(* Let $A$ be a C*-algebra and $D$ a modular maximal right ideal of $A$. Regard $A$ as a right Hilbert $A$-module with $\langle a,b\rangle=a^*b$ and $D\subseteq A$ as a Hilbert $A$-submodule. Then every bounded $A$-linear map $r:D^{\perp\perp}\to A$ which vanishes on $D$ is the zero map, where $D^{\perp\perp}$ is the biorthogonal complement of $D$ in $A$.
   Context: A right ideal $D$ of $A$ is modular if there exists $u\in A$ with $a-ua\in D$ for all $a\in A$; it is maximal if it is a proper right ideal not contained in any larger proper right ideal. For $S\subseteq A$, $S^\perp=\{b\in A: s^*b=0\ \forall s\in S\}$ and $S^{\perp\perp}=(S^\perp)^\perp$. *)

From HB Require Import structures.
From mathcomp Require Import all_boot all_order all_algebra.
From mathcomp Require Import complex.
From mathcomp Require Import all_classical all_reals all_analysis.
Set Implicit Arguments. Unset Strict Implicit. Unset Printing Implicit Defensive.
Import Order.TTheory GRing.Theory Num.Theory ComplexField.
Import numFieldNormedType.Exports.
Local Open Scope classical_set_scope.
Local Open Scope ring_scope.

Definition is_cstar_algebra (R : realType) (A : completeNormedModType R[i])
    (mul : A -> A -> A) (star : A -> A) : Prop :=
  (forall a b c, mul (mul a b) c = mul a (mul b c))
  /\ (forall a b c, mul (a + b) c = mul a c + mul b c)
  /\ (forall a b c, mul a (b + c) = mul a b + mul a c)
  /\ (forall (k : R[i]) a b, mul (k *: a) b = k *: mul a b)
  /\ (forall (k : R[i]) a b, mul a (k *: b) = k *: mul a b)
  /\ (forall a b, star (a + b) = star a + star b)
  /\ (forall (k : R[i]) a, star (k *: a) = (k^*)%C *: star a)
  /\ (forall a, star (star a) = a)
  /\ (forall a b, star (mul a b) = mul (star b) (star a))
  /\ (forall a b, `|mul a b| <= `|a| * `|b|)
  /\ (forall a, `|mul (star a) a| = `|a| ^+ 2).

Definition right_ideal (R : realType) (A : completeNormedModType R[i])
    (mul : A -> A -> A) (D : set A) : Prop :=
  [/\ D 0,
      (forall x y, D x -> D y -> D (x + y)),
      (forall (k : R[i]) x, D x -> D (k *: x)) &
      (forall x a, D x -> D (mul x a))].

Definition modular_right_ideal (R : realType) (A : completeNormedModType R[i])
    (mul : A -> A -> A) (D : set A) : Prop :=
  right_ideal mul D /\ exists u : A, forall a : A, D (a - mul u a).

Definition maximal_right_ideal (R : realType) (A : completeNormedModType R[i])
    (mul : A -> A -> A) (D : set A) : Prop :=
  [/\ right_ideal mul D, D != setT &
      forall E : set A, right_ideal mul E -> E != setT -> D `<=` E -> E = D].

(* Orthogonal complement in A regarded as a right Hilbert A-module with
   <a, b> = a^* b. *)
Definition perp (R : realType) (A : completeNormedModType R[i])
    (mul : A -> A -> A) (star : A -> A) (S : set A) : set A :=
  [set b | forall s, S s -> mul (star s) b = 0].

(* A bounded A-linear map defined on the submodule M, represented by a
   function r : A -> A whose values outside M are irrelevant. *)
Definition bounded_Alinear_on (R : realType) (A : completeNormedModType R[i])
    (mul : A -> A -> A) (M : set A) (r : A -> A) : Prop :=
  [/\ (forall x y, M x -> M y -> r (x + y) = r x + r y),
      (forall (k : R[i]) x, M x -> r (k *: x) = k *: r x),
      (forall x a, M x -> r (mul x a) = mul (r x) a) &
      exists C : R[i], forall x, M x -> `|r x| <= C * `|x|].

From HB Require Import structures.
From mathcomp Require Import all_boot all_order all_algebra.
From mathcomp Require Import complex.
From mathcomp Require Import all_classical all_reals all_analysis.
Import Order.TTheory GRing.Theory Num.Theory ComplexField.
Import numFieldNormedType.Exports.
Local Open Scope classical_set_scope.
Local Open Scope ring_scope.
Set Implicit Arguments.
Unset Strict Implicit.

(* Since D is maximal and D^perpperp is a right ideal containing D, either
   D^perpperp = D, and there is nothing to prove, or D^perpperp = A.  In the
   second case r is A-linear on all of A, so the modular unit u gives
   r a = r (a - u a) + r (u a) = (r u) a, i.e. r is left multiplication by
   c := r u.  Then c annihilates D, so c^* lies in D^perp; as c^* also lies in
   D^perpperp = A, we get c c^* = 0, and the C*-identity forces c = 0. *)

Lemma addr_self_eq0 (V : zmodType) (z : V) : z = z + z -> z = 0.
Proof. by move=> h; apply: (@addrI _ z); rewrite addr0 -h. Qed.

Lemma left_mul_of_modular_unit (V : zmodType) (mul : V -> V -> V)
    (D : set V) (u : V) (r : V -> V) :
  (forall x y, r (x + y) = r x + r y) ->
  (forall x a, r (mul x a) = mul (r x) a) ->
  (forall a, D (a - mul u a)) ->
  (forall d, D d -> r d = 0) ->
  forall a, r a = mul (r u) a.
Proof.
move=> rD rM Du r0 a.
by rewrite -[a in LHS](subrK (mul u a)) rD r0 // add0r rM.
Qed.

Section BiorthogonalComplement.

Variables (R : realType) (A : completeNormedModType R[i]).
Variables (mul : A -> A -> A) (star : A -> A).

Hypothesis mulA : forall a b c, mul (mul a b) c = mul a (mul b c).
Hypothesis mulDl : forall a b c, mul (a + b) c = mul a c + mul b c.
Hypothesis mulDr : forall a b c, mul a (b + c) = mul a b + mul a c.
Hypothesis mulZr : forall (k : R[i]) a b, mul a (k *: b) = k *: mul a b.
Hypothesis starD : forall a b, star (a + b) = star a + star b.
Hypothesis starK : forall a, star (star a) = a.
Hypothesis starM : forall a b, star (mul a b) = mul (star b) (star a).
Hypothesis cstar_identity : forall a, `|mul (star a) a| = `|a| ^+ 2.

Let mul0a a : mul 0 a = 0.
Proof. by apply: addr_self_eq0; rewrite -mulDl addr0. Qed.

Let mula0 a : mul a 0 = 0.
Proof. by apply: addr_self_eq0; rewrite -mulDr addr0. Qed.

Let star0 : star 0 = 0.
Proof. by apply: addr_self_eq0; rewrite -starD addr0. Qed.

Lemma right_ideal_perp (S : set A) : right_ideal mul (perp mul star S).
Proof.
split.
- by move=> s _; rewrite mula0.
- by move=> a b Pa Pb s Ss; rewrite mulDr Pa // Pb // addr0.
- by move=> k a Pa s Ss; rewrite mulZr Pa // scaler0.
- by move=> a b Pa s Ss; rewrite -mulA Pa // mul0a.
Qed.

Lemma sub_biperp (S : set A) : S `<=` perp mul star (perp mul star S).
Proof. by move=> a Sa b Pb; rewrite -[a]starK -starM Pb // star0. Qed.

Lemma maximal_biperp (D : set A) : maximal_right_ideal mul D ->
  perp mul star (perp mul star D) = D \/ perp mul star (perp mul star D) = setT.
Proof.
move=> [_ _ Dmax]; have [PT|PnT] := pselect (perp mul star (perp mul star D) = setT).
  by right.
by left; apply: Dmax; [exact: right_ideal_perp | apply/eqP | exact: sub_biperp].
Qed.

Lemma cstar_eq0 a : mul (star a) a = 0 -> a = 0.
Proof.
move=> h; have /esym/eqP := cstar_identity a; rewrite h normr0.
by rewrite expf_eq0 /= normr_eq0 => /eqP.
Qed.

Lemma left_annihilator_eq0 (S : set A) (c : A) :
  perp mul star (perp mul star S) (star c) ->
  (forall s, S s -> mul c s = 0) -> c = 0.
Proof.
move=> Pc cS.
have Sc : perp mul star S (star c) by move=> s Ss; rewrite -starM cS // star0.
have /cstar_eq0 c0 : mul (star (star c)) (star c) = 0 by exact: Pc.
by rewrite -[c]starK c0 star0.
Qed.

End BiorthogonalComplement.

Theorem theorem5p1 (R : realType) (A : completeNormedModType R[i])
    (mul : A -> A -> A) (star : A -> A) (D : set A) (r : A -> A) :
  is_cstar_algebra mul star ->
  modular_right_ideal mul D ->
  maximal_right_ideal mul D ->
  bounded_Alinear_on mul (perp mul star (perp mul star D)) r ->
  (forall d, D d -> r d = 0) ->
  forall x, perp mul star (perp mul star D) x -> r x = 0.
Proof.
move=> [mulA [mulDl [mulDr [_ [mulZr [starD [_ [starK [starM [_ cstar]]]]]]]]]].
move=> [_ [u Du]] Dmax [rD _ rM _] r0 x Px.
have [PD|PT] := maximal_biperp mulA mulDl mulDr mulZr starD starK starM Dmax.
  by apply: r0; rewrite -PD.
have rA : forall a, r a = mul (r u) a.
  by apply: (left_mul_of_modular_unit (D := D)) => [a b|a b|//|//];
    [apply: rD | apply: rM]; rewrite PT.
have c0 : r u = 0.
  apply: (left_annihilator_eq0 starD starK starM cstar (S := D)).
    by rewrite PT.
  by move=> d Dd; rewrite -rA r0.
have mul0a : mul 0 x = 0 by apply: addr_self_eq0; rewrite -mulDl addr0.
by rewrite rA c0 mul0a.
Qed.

**********

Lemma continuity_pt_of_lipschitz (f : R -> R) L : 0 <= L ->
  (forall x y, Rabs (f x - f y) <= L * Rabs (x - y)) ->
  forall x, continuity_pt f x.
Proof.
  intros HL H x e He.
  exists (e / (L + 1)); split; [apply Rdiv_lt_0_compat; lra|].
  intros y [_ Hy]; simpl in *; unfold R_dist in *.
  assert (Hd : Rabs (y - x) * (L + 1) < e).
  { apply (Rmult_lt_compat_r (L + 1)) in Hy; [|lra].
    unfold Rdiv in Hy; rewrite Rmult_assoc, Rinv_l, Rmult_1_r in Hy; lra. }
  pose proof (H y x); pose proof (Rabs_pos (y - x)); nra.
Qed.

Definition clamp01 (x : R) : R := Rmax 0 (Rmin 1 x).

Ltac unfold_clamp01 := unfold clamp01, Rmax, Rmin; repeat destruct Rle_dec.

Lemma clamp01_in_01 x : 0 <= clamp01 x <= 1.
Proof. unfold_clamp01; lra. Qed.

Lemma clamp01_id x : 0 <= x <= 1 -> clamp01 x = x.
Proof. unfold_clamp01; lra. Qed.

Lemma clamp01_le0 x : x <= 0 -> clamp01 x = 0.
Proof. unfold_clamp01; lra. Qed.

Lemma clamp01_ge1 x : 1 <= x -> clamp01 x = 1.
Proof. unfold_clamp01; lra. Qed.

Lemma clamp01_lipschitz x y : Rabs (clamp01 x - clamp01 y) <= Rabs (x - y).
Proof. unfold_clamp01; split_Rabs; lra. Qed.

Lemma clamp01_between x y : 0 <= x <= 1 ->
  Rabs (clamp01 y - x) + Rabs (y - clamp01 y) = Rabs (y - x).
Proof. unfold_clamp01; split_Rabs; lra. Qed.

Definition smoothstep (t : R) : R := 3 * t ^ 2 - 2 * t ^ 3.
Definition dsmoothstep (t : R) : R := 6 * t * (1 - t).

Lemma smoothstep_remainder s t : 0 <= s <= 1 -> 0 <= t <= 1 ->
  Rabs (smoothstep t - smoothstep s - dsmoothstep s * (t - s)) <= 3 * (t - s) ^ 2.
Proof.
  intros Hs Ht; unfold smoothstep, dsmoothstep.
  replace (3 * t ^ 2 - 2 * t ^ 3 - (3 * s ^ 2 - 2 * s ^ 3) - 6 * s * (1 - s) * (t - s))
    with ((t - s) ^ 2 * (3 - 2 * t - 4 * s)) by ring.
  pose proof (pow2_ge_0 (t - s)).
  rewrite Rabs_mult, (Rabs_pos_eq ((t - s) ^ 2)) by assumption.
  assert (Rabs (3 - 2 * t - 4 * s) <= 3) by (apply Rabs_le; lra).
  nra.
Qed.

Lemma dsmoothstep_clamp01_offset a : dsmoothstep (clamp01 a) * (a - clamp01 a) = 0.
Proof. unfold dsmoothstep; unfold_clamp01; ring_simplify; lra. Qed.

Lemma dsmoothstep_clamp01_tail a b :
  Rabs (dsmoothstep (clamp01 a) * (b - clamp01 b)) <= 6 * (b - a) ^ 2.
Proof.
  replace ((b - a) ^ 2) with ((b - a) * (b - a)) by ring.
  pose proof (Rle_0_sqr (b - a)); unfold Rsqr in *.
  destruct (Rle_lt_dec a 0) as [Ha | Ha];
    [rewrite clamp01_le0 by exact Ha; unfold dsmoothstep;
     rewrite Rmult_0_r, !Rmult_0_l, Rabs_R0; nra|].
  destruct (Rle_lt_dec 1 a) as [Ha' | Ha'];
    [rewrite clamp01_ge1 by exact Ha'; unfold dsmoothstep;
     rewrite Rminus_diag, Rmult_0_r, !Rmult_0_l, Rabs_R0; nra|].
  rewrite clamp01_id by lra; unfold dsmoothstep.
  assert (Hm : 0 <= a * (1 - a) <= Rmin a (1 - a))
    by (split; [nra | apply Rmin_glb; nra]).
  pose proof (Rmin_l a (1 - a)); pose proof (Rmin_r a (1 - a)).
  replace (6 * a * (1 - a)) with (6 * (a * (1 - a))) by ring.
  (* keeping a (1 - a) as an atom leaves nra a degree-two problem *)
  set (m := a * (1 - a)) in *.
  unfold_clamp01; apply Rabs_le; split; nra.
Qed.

**********

The required output is a copy of each line in the records where the string "BiorthogonalComplement" occurs.

- **Exercise solution**
Section BiorthogonalComplement.
End BiorthogonalComplement.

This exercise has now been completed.